The presented analysis in
Table 3 focuses on Ra (average roughness) and Rq (root mean square roughness) values obtained from simulation results with vibration across various cases (A, B, C, D, E, F). The relative error (%) is then calculated to assess the agreement between experimental and simulated results.
Case A reveals that both Ra and Rq exhibit relatively low relative errors, indicating a good agreement between experimental and simulated values. Compared to Case A, Case B shows relatively low errors. However, the overall error for Rq in the vibration condition is slightly higher. In contrast, Case C exhibits a higher relative error in Rq with vibration, which indicates a more pronounced deviation from experimental values.

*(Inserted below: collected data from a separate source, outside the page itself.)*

(* Let $\Sigma_1 \subset \mathbb{R}^{N_1}$ and $\Sigma_2 \subset \mathbb{R}^{N_2}$ be nonempty, and let $\Sigma = \Sigma_1 \times \Sigma_2 \subset \mathbb{R}^{N_1}\times\mathbb{R}^{N_2}$, equipped with the norm $\|(x_1,x_2)\|_2 = \sqrt{\|x_1\|_2^2 + \|x_2\|_2^2}$. For $i = 1,2$ let $P_i$ be a generalized projection onto $\Sigma_i$ minimizing $\beta_{\Sigma_i}$ over all generalized projections onto $\Sigma_i$, with $\beta_{\Sigma_i}(P_i) < \infty$. Define $P_\Sigma(z_1, z_2) = (P_1(z_1), P_2(z_2))$ (i.e., the set $P_1(z_1)\times P_2(z_2)$). Then $P_\Sigma$ minimizes $\beta_\Sigma$ over all generalized projections onto $\Sigma$.
   Context: A (set-valued) generalized projection onto $\Sigma \subset \mathbb{R}^N$ is a map $P$ assigning to each $z \in \mathbb{R}^N$ a nonempty subset $P(z) \subset \Sigma$. Restricted Lipschitz property: $P$ has the restricted $\beta$-Lipschitz property with respect to $\Sigma$ if for all $z \in \mathbb{R}^N$, all $x \in \Sigma$ and all $u \in P(z)$, $\|u - x\|_2 \le \beta\|z - x\|_2$; $\beta_\Sigma(P)$ denotes the smallest such $\beta$ (possibly $+\infty$). *)

From HB Require Import structures.
From mathcomp Require Import all_boot all_order all_algebra.
From mathcomp Require Import boolp classical_sets reals constructive_ereal ereal.
Set Implicit Arguments. Unset Strict Implicit. Unset Printing Implicit Defensive.
Import Order.TTheory GRing.Theory Num.Theory.
Local Open Scope ring_scope.
Local Open Scope classical_set_scope.

Definition norm2 {R : realType} {N : nat} (v : 'rV[R]_N) : R :=
  Num.sqrt (\sum_(i < N) v ord0 i ^+ 2).

Definition gen_proj {R : realType} {N : nat}
  (Sigma : set 'rV[R]_N) (P : 'rV[R]_N -> set 'rV[R]_N) : Prop :=
  forall z, P z !=set0 /\ P z `<=` Sigma.

Definition restricted_lipschitz {R : realType} {N : nat}
  (Sigma : set 'rV[R]_N) (P : 'rV[R]_N -> set 'rV[R]_N) (beta : R) : Prop :=
  forall z x u, Sigma x -> P z u -> norm2 (u - x) <= beta * norm2 (z - x).

(* beta_Sigma(P): the smallest (nonnegative) such beta, +oo if none. *)
Definition beta_Sigma {R : realType} {N : nat}
  (Sigma : set 'rV[R]_N) (P : 'rV[R]_N -> set 'rV[R]_N) : \bar R :=
  ereal_inf [set b%:E | b in [set b : R | 0 <= b /\ restricted_lipschitz Sigma P b]].

(* Cartesian product of sets, via concatenation R^N1 x R^N2 = R^(N1+N2);
   the Euclidean norm of row_mx x1 x2 is sqrt(|x1|^2 + |x2|^2). *)
Definition prod_set {R : realType} {N1 N2 : nat}
  (S1 : set 'rV[R]_N1) (S2 : set 'rV[R]_N2) : set 'rV[R]_(N1 + N2) :=
  [set row_mx x1 x2 | x1 in S1 & x2 in S2].

Definition prod_proj {R : realType} {N1 N2 : nat}
  (P1 : 'rV[R]_N1 -> set 'rV[R]_N1) (P2 : 'rV[R]_N2 -> set 'rV[R]_N2)
  (z : 'rV[R]_(N1 + N2)) : set 'rV[R]_(N1 + N2) :=
  prod_set (P1 (lsubmx z)) (P2 (rsubmx z)).

From HB Require Import structures.
From mathcomp Require Import all_boot all_order all_algebra.
From mathcomp Require Import boolp classical_sets reals constructive_ereal ereal.
Import Order.TTheory GRing.Theory Num.Theory.
Local Open Scope ring_scope.
Local Open Scope classical_set_scope.

(* If both factor projections are restricted [b]-Lipschitz, so is the product
   projection, since squared norms add up over the two blocks.  Conversely, a
   restricted [b]-Lipschitz projection [Q] onto the product induces one onto
   each factor by freezing the other block at a point of the other factor: the
   frozen block contributes nothing on the right-hand side and something
   nonnegative on the left.  By optimality, beta of [P1] and of [P2] are thus
   at most every admissible constant [b] of [Q], and so is beta of the product
   projection. *)

Section SquaredNorm.
Context {R : realType}.

Definition sqnorm {N : nat} (v : 'rV[R]_N) : R := \sum_(i < N) v ord0 i ^+ 2.

Lemma sqnorm_ge0 N (v : 'rV[R]_N) : 0 <= sqnorm v.
Proof. by apply: sumr_ge0 => i _; exact: sqr_ge0. Qed.

Lemma sqnorm0 N : sqnorm (0 : 'rV[R]_N) = 0.
Proof. by rewrite /sqnorm big1 // => i _; rewrite mxE expr0n. Qed.

Lemma sqnorm_row_mx N1 N2 (a : 'rV[R]_N1) (b : 'rV[R]_N2) :
  sqnorm (row_mx a b) = sqnorm a + sqnorm b.
Proof.
rewrite /sqnorm big_split_ord /=.
by congr (_ + _); apply: eq_bigr => i _; rewrite ?row_mxEl ?row_mxEr.
Qed.

Lemma sqnorm_row_mxB N1 N2 (a c : 'rV[R]_N1) (b d : 'rV[R]_N2) :
  sqnorm (row_mx a b - row_mx c d) = sqnorm (a - c) + sqnorm (b - d).
Proof. by rewrite opp_row_mx add_row_mx sqnorm_row_mx. Qed.

Lemma norm2_le_mulE {N M} {v : 'rV[R]_N} {w : 'rV[R]_M} {c} : 0 <= c ->
  (norm2 v <= c * norm2 w) <-> (sqnorm v <= c ^+ 2 * sqnorm w).
Proof.
move=> c0; rewrite /norm2 -/(sqnorm v) -/(sqnorm w).
have -> : c * Num.sqrt (sqnorm w) = Num.sqrt (c ^+ 2 * sqnorm w).
  by rewrite sqrtrM ?sqr_ge0 // sqrtr_sqr ger0_norm.
by rewrite ler_sqrt // mulr_ge0 ?sqr_ge0 ?sqnorm_ge0.
Qed.

End SquaredNorm.

Section LipschitzConstant.
Context {R : realType} {N : nat} {S : set 'rV[R]_N} {P : 'rV[R]_N -> set 'rV[R]_N}.

Lemma restricted_lipschitz_le b c : b <= c ->
  restricted_lipschitz S P b -> restricted_lipschitz S P c.
Proof.
move=> bc Pb z x u Sx Pu; apply: le_trans (Pb z x u Sx Pu) _.
by apply: ler_wpM2r => //; rewrite /norm2 sqrtr_ge0.
Qed.

Lemma beta_Sigma_le {b} : 0 <= b ->
  restricted_lipschitz S P b -> (beta_Sigma S P <= b%:E)%E.
Proof. by move=> b0 Pb; apply: ge_ereal_inf; exists b%:E => //; exists b. Qed.

Lemma beta_Sigma_lt {c} : (beta_Sigma S P < c%:E)%E ->
  0 <= c /\ restricted_lipschitz S P c.
Proof.
move=> /ereal_inf_lt [_ [b [b0 Pb] <-]]; rewrite lte_fin => /ltW bc.
by split; [exact: le_trans bc | exact: restricted_lipschitz_le Pb].
Qed.

End LipschitzConstant.

Section Product.
Context {R : realType} {N1 N2 : nat}.
Context {S1 : set 'rV[R]_N1} {S2 : set 'rV[R]_N2}.
Context {P1 : 'rV[R]_N1 -> set 'rV[R]_N1} {P2 : 'rV[R]_N2 -> set 'rV[R]_N2}.
Context {Q : 'rV[R]_(N1 + N2) -> set 'rV[R]_(N1 + N2)}.

Lemma prod_set_lsubmx u : prod_set S1 S2 u -> S1 (lsubmx u).
Proof. by move=> [x1 Sx1 [x2 _ <-]]; rewrite row_mxKl. Qed.

Lemma prod_set_rsubmx u : prod_set S1 S2 u -> S2 (rsubmx u).
Proof. by move=> [x1 _ [x2 Sx2 <-]]; rewrite row_mxKr. Qed.

Lemma gen_proj_prod_proj : gen_proj S1 P1 -> gen_proj S2 P2 ->
  gen_proj (prod_set S1 S2) (prod_proj P1 P2).
Proof.
move=> P1S1 P2S2 z; split.
  have [[u1 Pu1] _] := P1S1 (lsubmx z); have [[u2 Pu2] _] := P2S2 (rsubmx z).
  by exists (row_mx u1 u2); exists u1 => //; exists u2.
move=> _ [u1 Pu1 [u2 Pu2 <-]]; exists u1; first exact: (P1S1 _).2 _ Pu1.
by exists u2 => //; exact: (P2S2 _).2 _ Pu2.
Qed.

Lemma restricted_lipschitz_prod_proj c : 0 <= c ->
  restricted_lipschitz S1 P1 c -> restricted_lipschitz S2 P2 c ->
  restricted_lipschitz (prod_set S1 S2) (prod_proj P1 P2) c.
Proof.
move=> c0 P1c P2c z _ _ [x1 Sx1 [x2 Sx2 <-]] [u1 Pu1 [u2 Pu2 <-]].
move: (P1c _ _ _ Sx1 Pu1) (P2c _ _ _ Sx2 Pu2).
move=> /(norm2_le_mulE c0) le1 /(norm2_le_mulE c0) le2; apply/norm2_le_mulE => //.
by rewrite -(hsubmxK z) !sqnorm_row_mxB mulrDr lerD.
Qed.

Lemma beta_Sigma_prod_proj_le b :
  (beta_Sigma S1 P1 <= b%:E)%E -> (beta_Sigma S2 P2 <= b%:E)%E ->
  (beta_Sigma (prod_set S1 S2) (prod_proj P1 P2) <= b%:E)%E.
Proof.
move=> le1 le2; apply/lee_addgt0Pr => e e0; rewrite -EFinD.
have lt_be (x : \bar R) : (x <= b%:E)%E -> (x < (b + e)%:E)%E.
  by move=> xb; apply: le_lt_trans xb _; rewrite lte_fin ltrDl.
have [c0 P1c] := beta_Sigma_lt (lt_be _ le1).
have [_ P2c] := beta_Sigma_lt (lt_be _ le2).
exact/(beta_Sigma_le c0)/restricted_lipschitz_prod_proj.
Qed.

Definition slice_lproj (x2 : 'rV[R]_N2) (z1 : 'rV[R]_N1) : set 'rV[R]_N1 :=
  lsubmx @` Q (row_mx z1 x2).

Definition slice_rproj (x1 : 'rV[R]_N1) (z2 : 'rV[R]_N2) : set 'rV[R]_N2 :=
  rsubmx @` Q (row_mx x1 z2).

Lemma gen_proj_slice_lproj x2 :
  gen_proj (prod_set S1 S2) Q -> gen_proj S1 (slice_lproj x2).
Proof.
move=> QS z1; have [[u Qu] QS'] := QS (row_mx z1 x2).
by split; [exists (lsubmx u), u | move=> _ [v /QS' /prod_set_lsubmx Sv <-]].
Qed.

Lemma gen_proj_slice_rproj x1 :
  gen_proj (prod_set S1 S2) Q -> gen_proj S2 (slice_rproj x1).
Proof.
move=> QS z2; have [[u Qu] QS'] := QS (row_mx x1 z2).
by split; [exists (rsubmx u), u | move=> _ [v /QS' /prod_set_rsubmx Sv <-]].
Qed.

Lemma restricted_lipschitz_blocks {b x1 x2 z1 z2 u} : 0 <= b ->
  restricted_lipschitz (prod_set S1 S2) Q b -> S1 x1 -> S2 x2 ->
  Q (row_mx z1 z2) u ->
  sqnorm (lsubmx u - x1) + sqnorm (rsubmx u - x2)
    <= b ^+ 2 * (sqnorm (z1 - x1) + sqnorm (z2 - x2)).
Proof.
move=> b0 Qb Sx1 Sx2 Qu.
have Sx : prod_set S1 S2 (row_mx x1 x2) by exists x1 => //; exists x2.
move: (Qb _ _ _ Sx Qu) => /(norm2_le_mulE b0).
by rewrite -{1}(hsubmxK u) !sqnorm_row_mxB.
Qed.

Lemma restricted_lipschitz_slice_lproj {b x2} : 0 <= b -> S2 x2 ->
  restricted_lipschitz (prod_set S1 S2) Q b ->
  restricted_lipschitz S1 (slice_lproj x2) b.
Proof.
move=> b0 Sx2 Qb z1 x1 _ Sx1 [u Qu <-]; apply/norm2_le_mulE => //.
move: (restricted_lipschitz_blocks b0 Qb Sx1 Sx2 Qu).
rewrite subrr sqnorm0 addr0; apply: le_trans.
by rewrite lerDl sqnorm_ge0.
Qed.

Lemma restricted_lipschitz_slice_rproj {b x1} : 0 <= b -> S1 x1 ->
  restricted_lipschitz (prod_set S1 S2) Q b ->
  restricted_lipschitz S2 (slice_rproj x1) b.
Proof.
move=> b0 Sx1 Qb z2 x2 _ Sx2 [u Qu <-]; apply/norm2_le_mulE => //.
move: (restricted_lipschitz_blocks b0 Qb Sx1 Sx2 Qu).
rewrite subrr sqnorm0 add0r; apply: le_trans.
by rewrite lerDr sqnorm_ge0.
Qed.

End Product.

Theorem lemma2 (R : realType) (N1 N2 : nat)
  (Sigma1 : set 'rV[R]_N1) (Sigma2 : set 'rV[R]_N2)
  (P1 : 'rV[R]_N1 -> set 'rV[R]_N1) (P2 : 'rV[R]_N2 -> set 'rV[R]_N2) :
  Sigma1 !=set0 -> Sigma2 !=set0 ->
  gen_proj Sigma1 P1 -> gen_proj Sigma2 P2 ->
  (forall Q1, gen_proj Sigma1 Q1 -> (beta_Sigma Sigma1 P1 <= beta_Sigma Sigma1 Q1)%E) ->
  (forall Q2, gen_proj Sigma2 Q2 -> (beta_Sigma Sigma2 P2 <= beta_Sigma Sigma2 Q2)%E) ->
  (beta_Sigma Sigma1 P1 < +oo)%E -> (beta_Sigma Sigma2 P2 < +oo)%E ->
  gen_proj (prod_set Sigma1 Sigma2) (prod_proj P1 P2) /\
  (forall Q, gen_proj (prod_set Sigma1 Sigma2) Q ->
     (beta_Sigma (prod_set Sigma1 Sigma2) (prod_proj P1 P2)
        <= beta_Sigma (prod_set Sigma1 Sigma2) Q)%E).
Proof.
move=> [x1 Sx1] [x2 Sx2] P1S1 P2S2 P1opt P2opt _ _.
split; first exact: gen_proj_prod_proj.
move=> Q QS; apply: le_ereal_inf_tmp => _ [b [b0 Qb] <-].
apply: beta_Sigma_prod_proj_le.
- exact: le_trans (P1opt _ (gen_proj_slice_lproj x2 QS))
    (beta_Sigma_le b0 (restricted_lipschitz_slice_lproj b0 Sx2 Qb)).
- exact: le_trans (P2opt _ (gen_proj_slice_rproj x1 QS))
    (beta_Sigma_le b0 (restricted_lipschitz_slice_rproj b0 Sx1 Qb)).
Qed.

There is a noticeable increase in Rq when vibration is introduced to Case D, although it generally displays low relative errors. In Case E, relative errors are small, but Rq increases under vibrational conditions. As in Case E, Case F exhibits small relative errors and a noticeable increase in Rq with vibration.
There is a consistent trend across the cases that indicates an increase in relative error with vibration. As a result of this trend, it seems that simulating under vibrational conditions can present some challenges. As a result, Cases C and D have higher relative errors, which highlights the difficulty in accurately simulating the experimental conditions. Results provide insightful information on how the simulation method performs under a variety of different conditions and cases.